§ TASK GOAL
Please reproduce exactly the line that carries "rewrite (M01_0 Mf)" and all remaining lines through the last line of the data, and write nothing else.

§ DATA
(* Let $G$ be a connected graph with vertex set $\{u_1,\dots,u_n\}$, $n\ge2$, and let $\mathcal{H}=\{H_1,\dots,H_n\}$ be a family of graphs. Then $\dim_l(G\circ\mathcal{H})=\operatorname{adim}_l(G\circ\mathcal{H})$ if and only if $\varrho(G,\mathcal{H})=\varrho'(G,\mathcal{H})$.
   Context: All graphs are finite and simple with at least one vertex. $d_G$ is shortest-path distance ($+\infty$ between components), $d_{G,2}=\min\{d_G,2\}$; $s$ distinguishes $x,y$ w.r.t. $d$ if $d(s,x)\ne d(s,y)$. $\dim_l(G)$: minimum size of $S\subseteq V(G)$ such that any two adjacent vertices are distinguished w.r.t. $d_G$ by a vertex of $S$. $\operatorname{adim}_l(G)$: same with $d_{G,2}$ in place of $d_G$; minimum such sets are local adjacency bases. $\Phi$: edgeless graphs. $\mathcal{G}$: class of graphs $H$ such that every local adjacency basis $B$ of $H$ satisfies $B\subseteq N_H(v)$ for some $v$. True twins: $N[x]=N[y]$; let $U_1,\dots,U_k$ be the non-singleton true twin classes of $G$ and $T(G)=\bigcup_jU_j$. Lexicographic product $G\circ\mathcal{H}$: vertex set $\bigcup_i\{u_i\}\times V(H_i)$, $(u_i,v)\sim(u_j,w)$ iff $u_iu_j\in E(G)$, or $i=j$ and $vw\in E(H_i)$. $V_E=\{u_i\in V(G)-T(G): H_i\in\Phi\}$; $I=\{u_i: H_i\in\mathcal{G}\}$; for each $j$ with $I\cap U_j\ne\emptyset$ choose one vertex of $I\cap U_j$ and let $I'_j$ be the remaining vertices ($I'_j=\emptyset$ otherwise); $X_E=I-\bigcup_jI'_j$. Relation $\mathcal{R}$ (resp. $\mathcal{R}'$) on $X_E$: $u_i\sim u_j$ and $d_G(u,u_i)=d_G(u,u_j)$ (resp. $d_{G,2}(u,u_i)=d_{G,2}(u,u_j)$) for all $u\in V(G)-(V_E\cup\{u_i,u_j\})$. $\varrho(G,\mathcal{H})$ (resp. $\varrho'(G,\mathcal{H})$) is the minimum $|A|$ over $A\subseteq X_E$ such that every pair in $X_E$ satisfying $\mathcal{R}$ (resp. $\mathcal{R}'$) is distinguished by a vertex of $A$ w.r.t. $d_G$ (resp. $d_{G,2}$). *)

(* Graphs are symmetric irreflexive relations on finTypes. *)
From mathcomp Require Import all_boot.
Set Warnings "-notation-overridden".

Set Implicit Arguments. Unset Strict Implicit. Unset Printing Implicit Defensive.

Section Graphs.
Variables (T : finType) (e : rel T).

Definition walk_len (x y : T) (k : nat) : bool :=
  [exists p : k.-tuple T, path e x p && (last x p == y)].

(* shortest-path distance d_G; None encodes +infinity (different components).
   The least walk length equals the shortest path length, and any reachable
   vertex is reachable by a walk of length < #|T|. *)
Definition dist (x y : T) : option nat :=
  let k := find (walk_len x y) (iota 0 #|T|) in
  if k < #|T| then Some k else None.

Definition dist2 (x y : T) : option nat :=
  match dist x y with Some k => Some (minn k 2) | None => Some 2 end.

Definition local_gen (d : T -> T -> option nat) (S : {set T}) : bool :=
  [forall x, forall y, e x y ==> [exists s in S, d s x != d s y]].

Definition local_metric_gen (S : {set T}) := local_gen dist S.
Definition local_adj_gen (S : {set T}) := local_gen dist2 S.

(* dim_l and adim_l (minimum sizes; [set: T] is always a generator) *)
Definition dim_l : nat := \big[minn/#|T|]_(S : {set T} | local_metric_gen S) #|S|.
Definition adim_l : nat := \big[minn/#|T|]_(S : {set T} | local_adj_gen S) #|S|.

Definition local_adj_basis (B : {set T}) : bool :=
  local_adj_gen B && (#|B| == adim_l).

Definition openN (v : T) : {set T} := [set w | e v w].
Definition closedN (v : T) : {set T} := [set w | (w == v) || e v w].

Definition in_classG : bool :=
  [forall B : {set T}, local_adj_basis B ==> [exists v, B \subset openN v]].

Definition edgeless : bool := [forall x, forall y, ~~ e x y].

Definition true_twins (x y : T) : bool := closedN x == closedN y.

Definition in_twin_part (x : T) : bool := [exists y, (y != x) && true_twins x y].

End Graphs.

Section Lex.
Variables (V : finType) (e : rel V) (T : V -> finType) (eH : forall i, rel (T i)).

Definition lexV := {i : V & T i}.

Definition lex_rel : rel lexV := fun x y =>
  e (tag x) (tag y) || ((tag x == tag y) && @eH (tag x) (tagged x) (tagged_as x y)).

Definition V_E : {set V} := [set u | ~~ in_twin_part e u && edgeless (@eH u)].

Definition I_set : {set V} := [set u | in_classG (@eH u)].

(* rep is a choice, for each true twin class U_j meeting I, of one vertex
   of I :&: U_j (rep u is the vertex chosen in the class of u). *)
Definition valid_choice (rep : V -> V) : Prop :=
  forall u, u \in I_set -> in_twin_part e u ->
    [/\ rep u \in I_set, true_twins e u (rep u) &
        forall v, v \in I_set -> true_twins e u v -> rep v = rep u].

(* X_E = I minus the union of the I'_j *)
Definition X_E (rep : V -> V) : {set V} :=
  [set u in I_set | ~~ in_twin_part e u || (rep u == u)].
Lemma ivt01 (h : RR -> RR) a b v : cont01 h -> 0 <= a -> a <= b -> b <= 1 ->
  h a <= v <= h b -> exists2 t, a <= t <= b & h t = v.
Proof.
move=> ch a0 ab b1 hv.
have cw : {within `[a, b], continuous h}.
  apply/within_continuousP => x; rewrite /= in_itv /= => /andP[ax xb] e e0.
  have [|d d0 Hd] := ch x _ e e0; first by apply/andP; split; lra.
  exists d => // y; rewrite /= in_itv /= => /andP[ay yb].
  by apply: Hd; apply/andP; split; lra.
have [|t tab ht] := @IVT _ h a b v ab cw.
  by case/andP: hv => h1 h2; rewrite ge_min h1 le_max h2 orbT.
by exists t => //; move: tab; rewrite in_itv.
Qed.

Record M01_spec (f : RR -> RR) : Prop := M01Spec {
  M01_cont : cont01 f;
  M01_mono : forall s t, I01 s -> I01 t -> s <= t -> f s <= f t;
  M01_range : forall t, I01 t -> 0 <= f t <= 1;
  M01_0 : f 0 = 0;
  M01_1 : f 1 = 1 }.

Lemma inMP f : inM f <-> M01_spec f.
Proof.
split.
- by case=> /cont01P c mo ra f0 f1; split => // s t Is It; apply: mo; rewrite in_itv.
- by case=> /cont01P c mo ra f0 f1; split.
Qed.

Lemma inM_id : inM id.
Proof. by apply/inMP; split => // x _ e e0; exists e. Qed.

Lemma inM_comp g h : inM g -> inM h -> inM (g \o h).
Proof.
move=> /inMP [gc gm gr g0 g1] /inMP [hc hm hr h0 h1].
apply/inMP; split => /=; last 2 first.
- by rewrite h0 g0.
- by rewrite h1 g1.
- move=> x Ix e e0.
  have [d1 d10 Hd1] := gc (h x) (hr x Ix) e e0.
  have [d2 d20 Hd2] := hc x Ix d1 d10.
  by exists d2 => // y Iy xy; apply: Hd1; [exact: hr|exact: Hd2].
- by move=> s t Is It st; apply: gm; [exact: hr|exact: hr|exact: hm].
- by move=> t It; apply: gr; exact: hr.
Qed.

Lemma M01_nonempty : M01 !=set0.
Proof. by exists id; exact: inM_id. Qed.

Lemma M01_sum_eq f g s t : M01_spec f -> M01_spec g -> I01 s -> I01 t ->
  f s + g s = f t + g t -> f s = f t.
Proof.
move=> Mf Mg Is It; wlog st : s t Is It / s <= t.
  move=> W; have [st|/ltW ts] := lerP s t; first exact: W.
  by move=> E; symmetry; apply: W.
by have := M01_mono Mf Is It st; have := M01_mono Mg Is It st; lra.
Qed.

Lemma phi_witness a f g : M01_spec f -> M01_spec g -> (0 <= a <= 1)%R ->
  exists2 t, I01 t & f t + g t = ratr a.
Proof.
move=> Mf Mg /andP[a0 a1].
have cfg := cont01_add (M01_cont Mf) (M01_cont Mg).
have [|t /andP[t0 t1] ft] := ivt01 (v := ratr a) cfg (lexx 0) ler01 (lexx 1).
  rewrite (M01_0 Mf) (M01_0 Mg) (M01_1 Mf) (M01_1 Mg) addr0 ler0q a0 /=.
  have : ratr a <= ratr (1 : rat) :> RR by rewrite ler_rat.
  by rewrite rmorph1; lra.
by exists t; rewrite ?t0.
Qed.

Lemma phiE a f g t : M01_spec f -> M01_spec g -> (0 <= a <= 1)%R -> I01 t ->
  f t + g t = ratr a -> phi a f g = f t.
Proof.
move=> Mf Mg a01 It ft; rewrite /phi a01.
rewrite (_ : [set f s | s in _] = [set f t]) ?sup1 //.
apply/seteqP; split => [y [s [Is fs] <-]|y ->] /=.
- by apply: (M01_sum_eq Mf Mg Is It); rewrite fs ft.
- by exists t.
Qed.

Section SupPerturbation.
Variables (T : Type) (I : set T).
Hypothesis I0 : I !=set0.

Lemma sup_le_shift (F G : T -> RR) (eps : RR) :
  (exists B : RR, forall t, I t -> G t <= B) ->
  (forall t, I t -> F t <= G t + eps) ->
  sup (F @` I) <= sup (G @` I) + eps.
Proof.
case: I0 => t0 It0 [B HB] FG.
have ubG : has_ubound (G @` I) by exists B => _ [t It <-]; exact: HB.
apply: ge_sup; first by exists (F t0), t0.
move=> _ [t It <-]; apply: (le_trans (FG t It)); rewrite lerD2r.
by apply: ub_le_sup => //; exists t.
Qed.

§ SOLUTION TO THIS PROBLEM
  rewrite (M01_0 Mf) (M01_0 Mg) (M01_1 Mf) (M01_1 Mg) addr0 ler0q a0 /=.
  have : ratr a <= ratr (1 : rat) :> RR by rewrite ler_rat.
  by rewrite rmorph1; lra.
by exists t; rewrite ?t0.
Qed.

Lemma phiE a f g t : M01_spec f -> M01_spec g -> (0 <= a <= 1)%R -> I01 t ->
  f t + g t = ratr a -> phi a f g = f t.
Proof.
move=> Mf Mg a01 It ft; rewrite /phi a01.
rewrite (_ : [set f s | s in _] = [set f t]) ?sup1 //.
apply/seteqP; split => [y [s [Is fs] <-]|y ->] /=.
- by apply: (M01_sum_eq Mf Mg Is It); rewrite fs ft.
- by exists t.
Qed.

Section SupPerturbation.
Variables (T : Type) (I : set T).
Hypothesis I0 : I !=set0.

Lemma sup_le_shift (F G : T -> RR) (eps : RR) :
  (exists B : RR, forall t, I t -> G t <= B) ->
  (forall t, I t -> F t <= G t + eps) ->
  sup (F @` I) <= sup (G @` I) + eps.
Proof.
case: I0 => t0 It0 [B HB] FG.
have ubG : has_ubound (G @` I) by exists B => _ [t It <-]; exact: HB.
apply: ge_sup; first by exists (F t0), t0.
move=> _ [t It <-]; apply: (le_trans (FG t It)); rewrite lerD2r.
by apply: ub_le_sup => //; exists t.
Qed.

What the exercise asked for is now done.